Fragmented Families Increase Housing
An international study led by Dr. Jianguo Liu of Michigan State University, U.S.A., found that even in countries whose populations are declining, the number of households is rising as families fragment and children set up homes on their own. As more homes are built to accommodate the same number of people, urban sprawl and habitat destruction increases. “A three-bedroom house, for example, uses the same amount of land and materials to build and the same amount of fuel to heat whether it is home to two people or four,” reports New Scientist. The researchers predict that if the current trend continues, there will be an additional 233 million households by 2015.
Adolescent Mothers
In Mexico the percentage of females between the ages of 10 and 19 who get pregnant “has increased by 50 percent in the last three decades,” states the magazine Cambio of Mexico City. This increase has occurred despite family planning programs and sex education courses in the public schools. Studies by health authorities reveal that “adolescents who smoke, drink alcoholic beverages, or use some illegal drug are four times more prone to have sexual relations at an earlier age.” Additionally, 30 percent of adolescent mothers have a second unplanned child within a year of giving birth to their first, and 50 percent bear a second child within two years. Adding to the problems associated with teen and preteen pregnancies, 60 percent of these young mothers have to raise their children without the support of the child’s father.
Acid Attack
Nearly 65 percent of the books and documents published between 1875 and 1960 stored at the National Library in Paris are in danger of being destroyed, reports the newspaper Le Monde. This written heritage is slowly disintegrating because of the presence of sulfuric acid, which causes the pages to become brittle and crumble. About 20,000 books are deacidified yearly by the National Library services, at a cost of between $7 and $8 per book. Since the 1980’s, most books have been printed on acid-free paper.

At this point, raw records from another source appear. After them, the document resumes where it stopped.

Section MDP.
Variables (R : realType) (n : nat) (A : finType).
(* States are 'I_n.+1 (S = n+1 >= 1 states); p a is the transition matrix of
   action a, r i a the reward. *)

Definition stochastic (P : 'M[R]_n.+1) : Prop :=
  (forall i j, 0 <= P i j) /\ (forall i, \sum_j P i j = 1).

Definition irreducible (P : 'M[R]_n.+1) : Prop :=
  forall i j, exists k : nat, 0 < (P ^+ k) i j.

Definition stationary (P : 'M[R]_n.+1) (pi : 'rV[R]_n.+1) : Prop :=
  pi *m P = pi /\ (forall j, 0 <= pi 0 j) /\ \sum_j pi 0 j = 1.

(* "the" stationary distribution (unique when P is irreducible) *)
Definition stat_dist (P : 'M[R]_n.+1) : 'rV[R]_n.+1 :=
  xget 0 [set pi | stationary P pi].

Definition Pmat (p : A -> 'M[R]_n.+1) (d : 'I_n.+1 -> A) : 'M[R]_n.+1 :=
  \matrix_(i, j) p (d i) i j.

Definition rvec (r : 'I_n.+1 -> A -> R) (d : 'I_n.+1 -> A) : 'cV[R]_n.+1 :=
  \col_i r i (d i).

Definition Jmu p r d : R := (stat_dist (Pmat p d) *m rvec r d) 0 0.

Definition fvec (beta : R) p r d : 'cV[R]_n.+1 :=
  \col_i (r i (d i) - beta * (r i (d i) - Jmu p r d) ^+ 2).

Definition Jmusig (beta : R) p r d : R :=
  (stat_dist (Pmat p d) *m fvec beta p r d) 0 0.

Definition Pmix p d d' (delta : R) : 'M[R]_n.+1 :=
  Pmat p d + delta *: (Pmat p d' - Pmat p d).

Definition rmix r d d' (delta : R) : 'cV[R]_n.+1 :=
  rvec r d + delta *: (rvec r d' - rvec r d).

Definition Jmu_mix p r d d' (delta : R) : R :=
  (stat_dist (Pmix p d d' delta) *m rmix r d d' delta) 0 0.

Definition fmix (beta : R) p r d d' (delta : R) : 'cV[R]_n.+1 :=
  let J := Jmu_mix p r d d' delta in
  \col_i ((1 - delta) * (r i (d i) - beta * (r i (d i) - J) ^+ 2)
          + delta * (r i (d' i) - beta * (r i (d' i) - J) ^+ 2)).

Definition Jmusig_mix (beta : R) p r d d' (delta : R) : R :=
  (stat_dist (Pmix p d d' delta) *m fmix beta p r d d' delta) 0 0.

End MDP.

From HB Require Import structures.
From mathcomp Require Import all_boot all_order all_algebra.
From mathcomp Require Import all_classical all_reals all_analysis.
From mathcomp Require Import ring lra.
Import Order.TTheory GRing.Theory Num.Theory numFieldNormedType.Exports.
Local Open Scope ring_scope.
Local Open Scope classical_set_scope.

(* Write P' = P + D for the transition matrices of d' and d, pi_h for the
   stationary distribution of P_h = P + h D, J_h for the mean and f_h for the
   combined reward vector of the mixed policy.  The proof has three parts.
   1. Markov chain facts: a stochastic matrix has a stationary distribution;
      for irreducible P the fundamental matrix Z = I - P + 1 pi is invertible
      (harmonic vectors are constant), and comparing the stationarity equations
      of pi and pi_h gives  pi_h - pi = h pi_h D Z^-1, so pi_h --> pi.
   2. The Poisson equation g = f - J_{mu,sigma} 1 + P g gives the exact identity
      (pi_h - pi) f = h pi_h D g, and the mean satisfies J_h - J = h K_h with
      K_h = pi_h (D Z^-1 r + r' - r) converging.
   3. Expanding f_h - f and dividing by h, the difference quotient equals
      pi_h (D g + gap(J_h)) + beta K_h pi_h (2 r - J - J_h); the first term tends
      to the claimed derivative and the second to beta K_0 pi (2 r - 2 J) = 0. *)

Section RightLimits.
Variable R : realType.
Set Implicit Arguments. Unset Strict Implicit.

Lemma cvg_near_eqr (f g : R -> R) (l : R) :
  (\forall h \near 0^'+, f h = g h) -> g @ 0^'+ --> l -> f @ 0^'+ --> l.
Proof.
move=> fg gl; apply: cvg_trans gl; apply: near_eq_cvg.
by near=> h; rewrite (near fg h).
Unshelve. all: by end_near.
Qed.

Lemma near0_unit_interval : \forall h \near (0 : R)^'+, 0 <= h <= 1.
Proof.
near=> h.
have h0 : 0 < h by near: h; exact: nbhs_right_gt.
have h1 : h < 1 by near: h; apply: nbhs_right_lt; exact: ltr01.
by rewrite !ltW.
Unshelve. all: by end_near.
Qed.

Lemma cvg_idr : (fun h : R => h) @ 0^'+ --> 0.
Proof. exact: cvg_at_right_filter cvg_id. Qed.

Lemma cvg_vanish (e : R -> R) (C : R) :
  (\forall h \near 0^'+, `|e h| <= C) -> (fun h => h * e h) @ 0^'+ --> 0.
Proof.
move=> eC.
have C0 : (fun h : R => h * C) @ 0^'+ --> 0.
  by rewrite -[X in _ --> X](mul0r C); exact: (cvgM cvg_idr (cvg_cst C)).
have NC0 : (fun h : R => - (h * C)) @ 0^'+ --> 0.
  by rewrite -[X in _ --> X]oppr0; exact: (cvgN C0).
apply: (squeeze_cvgr _ NC0 C0); near=> h.
have hp : 0 < h by near: h; exact: nbhs_right_gt.
have hC : `|e h| <= C by near: h; exact: eC.
by rewrite -mulrN !ler_pM2l // -ler_norml.
Unshelve. all: by end_near.
Qed.

Lemma cvg_dot (I : finType) (x y : I -> R -> R) (x0 y0 : I -> R) :
  (forall i, x i @ 0^'+ --> x0 i) -> (forall i, y i @ 0^'+ --> y0 i) ->
  (fun h => \sum_i x i h * y i h) @ 0^'+ --> \sum_i x0 i * y0 i.
Proof.
move=> xl yl; apply: cvg_big => [|i _]; first exact: add_continuous.
exact: cvgM.
Qed.

End RightLimits.

Section StochasticMatrices.
Variables (R : realType) (n : nat).
Set Implicit Arguments. Unset Strict Implicit.
Implicit Types (P Q D : 'M[R]_n.+1) (pi : 'rV[R]_n.+1) (z : 'cV[R]_n.+1).

Local Notation one := (const_mx 1 : 'cV[R]_n.+1).

Lemma stochastic_mul P Q : stochastic P -> stochastic Q -> stochastic (P *m Q).
Proof.
move=> [P0 P1] [Q0 Q1]; split=> [i j|i].
  by rewrite mxE; apply: sumr_ge0 => l _; apply: mulr_ge0.
under eq_bigr do rewrite mxE.
rewrite exchange_big /=.
under eq_bigr do rewrite -mulr_sumr Q1 mulr1.
exact: P1.
Qed.

Lemma stochastic_pow k P : stochastic P -> stochastic (P ^+ k).
Proof.
move=> sP; elim: k => [|k IH].
  rewrite expr0; split=> [i j|i]; first by rewrite mxE ler0n.
  rewrite (bigD1 i) //= big1 => [|j /negbTE nji]; first by rewrite mxE eqxx addr0.
  by rewrite mxE eq_sym nji.
by rewrite exprS -mulmxE; apply: stochastic_mul.
Qed.

Lemma stochastic_convex P Q (h : R) : stochastic P -> stochastic Q ->
  0 <= h <= 1 -> stochastic (P + h *: (Q - P)).
Proof.
move=> [P0 P1] [Q0 Q1] /andP [h0 h1]; split=> [i j|i].
  have -> : (P + h *: (Q - P)) i j = (1 - h) * P i j + h * Q i j.
    by rewrite !mxE; ring.
  by rewrite addr_ge0 // mulr_ge0 // subr_ge0.
under eq_bigr do rewrite !mxE.
by rewrite big_split /= -mulr_sumr sumrB P1 Q1 subrr mulr0 addr0.
Qed.

Lemma stochastic_mul_one P : stochastic P -> P *m one = one.
Proof.
move=> [_ P1]; apply/matrixP=> i j; rewrite !mxE.
under eq_bigr do rewrite mxE mulr1.
exact: P1.
Qed.

(* Maximum principle: a P-harmonic vector of an irreducible stochastic matrix
   is constant, since at a maximizing state every reachable state attains the
   maximum. *)
Lemma harmonic_const P z : stochastic P -> irreducible P ->
  P *m z = z -> forall i j, z i 0 = z j 0.
Proof.
move=> sP iP Pz.
have Pkz k : (P ^+ k) *m z = z.
  elim: k => [|k IH]; first by rewrite expr0 mul1mx.
  by rewrite exprS -mulmxE -mulmxA IH Pz.
case: (arg_maxP (fun i => z i 0) (isT : predT ord0)) => i0 _ zmax.
suff all_eq j : z j 0 = z i0 0 by move=> i j; rewrite !all_eq.
have [k Pk_pos] := iP i0 j.
have [Q0 Q1] := stochastic_pow k sP.
have dev0 : \sum_l (P ^+ k) i0 l * (z i0 0 - z l 0) = 0.
  under eq_bigr do rewrite mulrBr.
  rewrite sumrB -mulr_suml Q1 mul1r.
  have := congr1 (fun M : 'cV[R]_n.+1 => M i0 0) (Pkz k); rewrite mxE => ->.
  by rewrite subrr.
have dev_ge0 l : true -> 0 <= (P ^+ k) i0 l * (z i0 0 - z l 0).
  by move=> _; rewrite mulr_ge0 // subr_ge0; exact: zmax.
move: (psumr_eq0P dev_ge0 dev0 (i := j) isT) => /eqP.
by rewrite mulf_eq0 (gt_eqF Pk_pos) /= subr_eq0 => /eqP ->.
Qed.

(* Existence of a stationary distribution: I - P is singular, and the
   entrywise modulus of a left null vector is P-superinvariant with the same
   total mass, hence invariant; normalizing it gives a distribution. *)
Lemma stationary_exists P : stochastic P -> exists pi, stationary P pi.
Proof.
move=> sP; have [P0 P1] := sP.
have : \det (1%:M - P) == 0.
  rewrite -det_tr; apply/det0P; exists one^T.
    by apply/eqP => /matrixP /(_ 0 0); rewrite !mxE => /eqP; rewrite oner_eq0.
  by rewrite -trmx_mul mulmxBl mul1mx stochastic_mul_one // subrr trmx0.
move=> /det0P [v vn0 hv].
have vP : v *m P = v.
  by apply/eqP; rewrite eq_sym -subr_eq0 -{1}(mulmx1 v) -mulmxBr hv.
pose w := \row_j `|v 0 j|.
have w_super j : w 0 j <= (w *m P) 0 j.
  rewrite !mxE -{1}vP mxE (le_trans (ler_norm_sum _ _ _)) //.
  by apply: ler_sum => i _; rewrite mxE normrM (ger0_norm (P0 i j)).
have mass0 : \sum_j ((w *m P) 0 j - w 0 j) = 0.
  rewrite sumrB; under eq_bigr do rewrite mxE.
  rewrite exchange_big /=.
  under eq_bigr do rewrite -mulr_sumr P1 mulr1.
  by rewrite subrr.
have wP : w *m P = w.
  apply/matrixP => i j; rewrite ord1; apply/eqP; rewrite -subr_eq0; apply/eqP.
  have hge j' : true -> 0 <= (w *m P) 0 j' - w 0 j' by move=> _; rewrite subr_ge0.
  exact: (psumr_eq0P hge mass0).
have w_ge0 j : true -> 0 <= w 0 j by move=> _; rewrite mxE.
have mass_gt0 : 0 < \sum_j w 0 j.
  rewrite lt_def sumr_ge0 // andbT; apply/eqP => s0; move/eqP: vn0; apply.
  apply/matrixP => i j; rewrite ord1 mxE.
  by move/eqP: (psumr_eq0P w_ge0 s0 (i := j) isT); rewrite mxE normr_eq0 => /eqP.
exists ((\sum_j w 0 j)^-1 *: w); split; [|split].
- by rewrite -scalemxAl wP.
- move=> j; rewrite mxE; apply: mulr_ge0; [by rewrite invr_ge0 ltW | exact: w_ge0].
- under eq_bigr do rewrite mxE.
  by rewrite -mulr_sumr mulVf // gt_eqF.
Qed.

Lemma stat_distP P : stochastic P -> stationary P (stat_dist P).
Proof. by move=> sP; apply: (xgetPex 0 (stationary_exists sP)). Qed.

Lemma stationary_mul_one P pi : stationary P pi -> pi *m one = 1%:M.
Proof.
move=> [_ [_ pi1]]; apply/matrixP => i j; rewrite !ord1 !mxE /=.
by under eq_bigr do rewrite mxE mulr1.
Qed.

Lemma stationary_entry_norm P pi j : stationary P pi -> `|pi 0 j| <= 1.
Proof.
move=> [_ [pi0 pi1]]; rewrite ger0_norm // -pi1 (bigD1 j) //= lerDl.
by apply: sumr_ge0 => i _.
Qed.

Definition fundamental P pi : 'M[R]_n.+1 := 1%:M - P + one *m pi.

(* Z is invertible: a vector z with Z z = 0 satisfies pi z = 0 and P z = z,
   so it is constant, and then pi z = 0 forces z = 0. *)
Lemma fundamental_unit P pi : stochastic P -> irreducible P -> stationary P pi ->
  fundamental P pi \in unitmx.
Proof.
move=> sP iP spi; have [piP [_ pi1]] := spi.
rewrite unitmxE unitfE; apply/negP => /eqP det0.
have : \det (fundamental P pi)^T == 0 by rewrite det_tr det0.
move=> /det0P [v vn0 hv].
pose z := v^T.
have Zz : fundamental P pi *m z = 0.
  by rewrite /z -[fundamental P pi]trmxK -trmx_mul hv trmx0.
have piz : pi *m z = 0.
  have := congr1 (mulmx pi) Zz.
  rewrite mulmx0 mulmxA /fundamental mulmxDr mulmxBr mulmx1 piP subrr add0r.
  by rewrite mulmxA (stationary_mul_one spi) mul1mx.
have Pz : P *m z = z.
  move: Zz; rewrite /fundamental !mulmxDl mulNmx mul1mx -mulmxA piz mulmx0 addr0.
  by move/eqP; rewrite subr_eq0 => /eqP.
have zc := harmonic_const sP iP Pz.
have z0 : z = 0.
  apply/matrixP => i j; rewrite ord1 [RHS]mxE (zc i 0).
  have := congr1 (fun M : 'M[R]_1 => M 0 0) piz; rewrite !mxE.
  under eq_bigr do rewrite (zc _ 0).
  by rewrite -mulr_suml pi1 mul1r /z mxE.
by move/eqP: vn0; apply; rewrite -[v]trmxK -/z z0 trmx0.
Qed.

Lemma stationary_mass P P' pi pi' : stationary P pi -> stationary P' pi' ->
  (pi' - pi) *m one = 0.
Proof.
by move=> spi spi'; rewrite mulmxBl (stationary_mul_one spi) (stationary_mul_one spi') subrr.
Qed.

Lemma stationary_flow P D pi pi' (h : R) :
  stationary P pi -> stationary (P + h *: D) pi' ->
  (pi' - pi) *m (1%:M - P) = h *: (pi' *m D).
Proof.
move=> [piP _] [pi'P _].
have pi'P_eq : pi' *m P = pi' - h *: (pi' *m D).
  by rewrite -{2}pi'P mulmxDr -scalemxAr addrK.
rewrite mulmxBr mulmx1 mulmxBl pi'P_eq piP.
by rewrite [pi' - _ - pi]addrAC opprB addrCA subrr addr0.
Qed.

Lemma stationary_perturb P D pi pi' (h : R) :
  stationary P pi -> stationary (P + h *: D) pi' ->
  (pi' - pi) *m fundamental P pi = h *: (pi' *m D).
Proof.
move=> spi spi'.
by rewrite mulmxDr (stationary_flow spi spi') mulmxA (stationary_mass spi spi') mul0mx addr0.
Qed.

Lemma stat_dist_expansion P D (h : R) :
  stochastic P -> irreducible P -> stochastic (P + h *: D) ->
  stat_dist (P + h *: D) =
    stat_dist P + h *: (stat_dist (P + h *: D) *m D
                        *m invmx (fundamental P (stat_dist P))).
Proof.
move=> sP iP sPh; have spi := stat_distP sP.
have := stationary_perturb spi (stat_distP sPh).
move=> /(congr1 (mulmx^~ (invmx (fundamental P (stat_dist P))))).
rewrite mulmxK ?fundamental_unit // -scalemxAl => <-.
by rewrite [RHS]addrC subrK.
Qed.

(* Continuity of the stationary distribution along a perturbation from the
   right: pi_h - pi is h times a bounded quantity. *)
Lemma stat_dist_cvg P D : stochastic P -> irreducible P ->
  (\forall h \near 0^'+, stochastic (P + h *: D)) ->
  forall j, (fun h => stat_dist (P + h *: D) 0 j) @ 0^'+ --> stat_dist P 0 j.
Proof.
move=> sP iP sPh j.
pose N := D *m invmx (fundamental P (stat_dist P)).
apply: (@cvg_near_eqr _ _
  (fun h => stat_dist P 0 j + h * (stat_dist (P + h *: D) *m N) 0 j)).
  near=> h; rewrite {1}stat_dist_expansion //; last by near: h.
  by rewrite /N -mulmxA !mxE.
rewrite -[X in _ --> X]addr0; apply: cvgD; first exact: cvg_cst.
apply: (@cvg_vanish _ _ (\sum_i `|N i j|)); near=> h.
have sPh_h : stochastic (P + h *: D) by near: h.
have spih := stat_distP sPh_h.
rewrite mxE (le_trans (ler_norm_sum _ _ _)) //; apply: ler_sum => i _.
by rewrite normrM ler_piMl // (stationary_entry_norm i spih).
Unshelve. all: by end_near.
Qed.

(* Poisson equation: if g = f - c 1 + P g, i.e. f = (I - P) g + c 1, then
   moving from pi to the stationary distribution pi' of P + h D changes the
   mean of f by h pi' D g. *)
Lemma stationary_poisson P D pi pi' (h c : R) (f g : 'cV[R]_n.+1) :
  stationary P pi -> stationary (P + h *: D) pi' ->
  g = f - c *: one + P *m g ->
  (pi' - pi) *m f = h *: (pi' *m D *m g).
Proof.
move=> spi spi' gE.
have -> : f = (1%:M - P) *m g + c *: one.
  by rewrite mulmxBl mul1mx {1}gE addrK subrK.
rewrite mulmxDr mulmxA (stationary_flow spi spi') -scalemxAr.
by rewrite (stationary_mass spi spi') scaler0 addr0 !scalemxAl.
Qed.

Baptized Yes, Practicing No
“Spain is still a nation of baptized [Catholics], but each year it becomes less Catholic,” reports the Spanish newspaper El País. During the dictatorship of General Franco, “the Catholic faith was the official State religion, and all others were banned and persecuted. Going to Mass every Sunday in rural areas was an obligation, and those who dared to break such an ecclesiastical rule risked fines or reprisals,” says the paper. Nowadays the situation has drastically changed. According to a survey by the Center for Sociological Investigation (CIS in Spanish), only 18.5 percent of Spaniards attend Mass regularly. “The Catholic Church emerged alive from its self-serving complicity in the [civil] war and the Franco dictatorship, but the CIS survey shows that its gradual decline is now very difficult to reverse,” notes El País.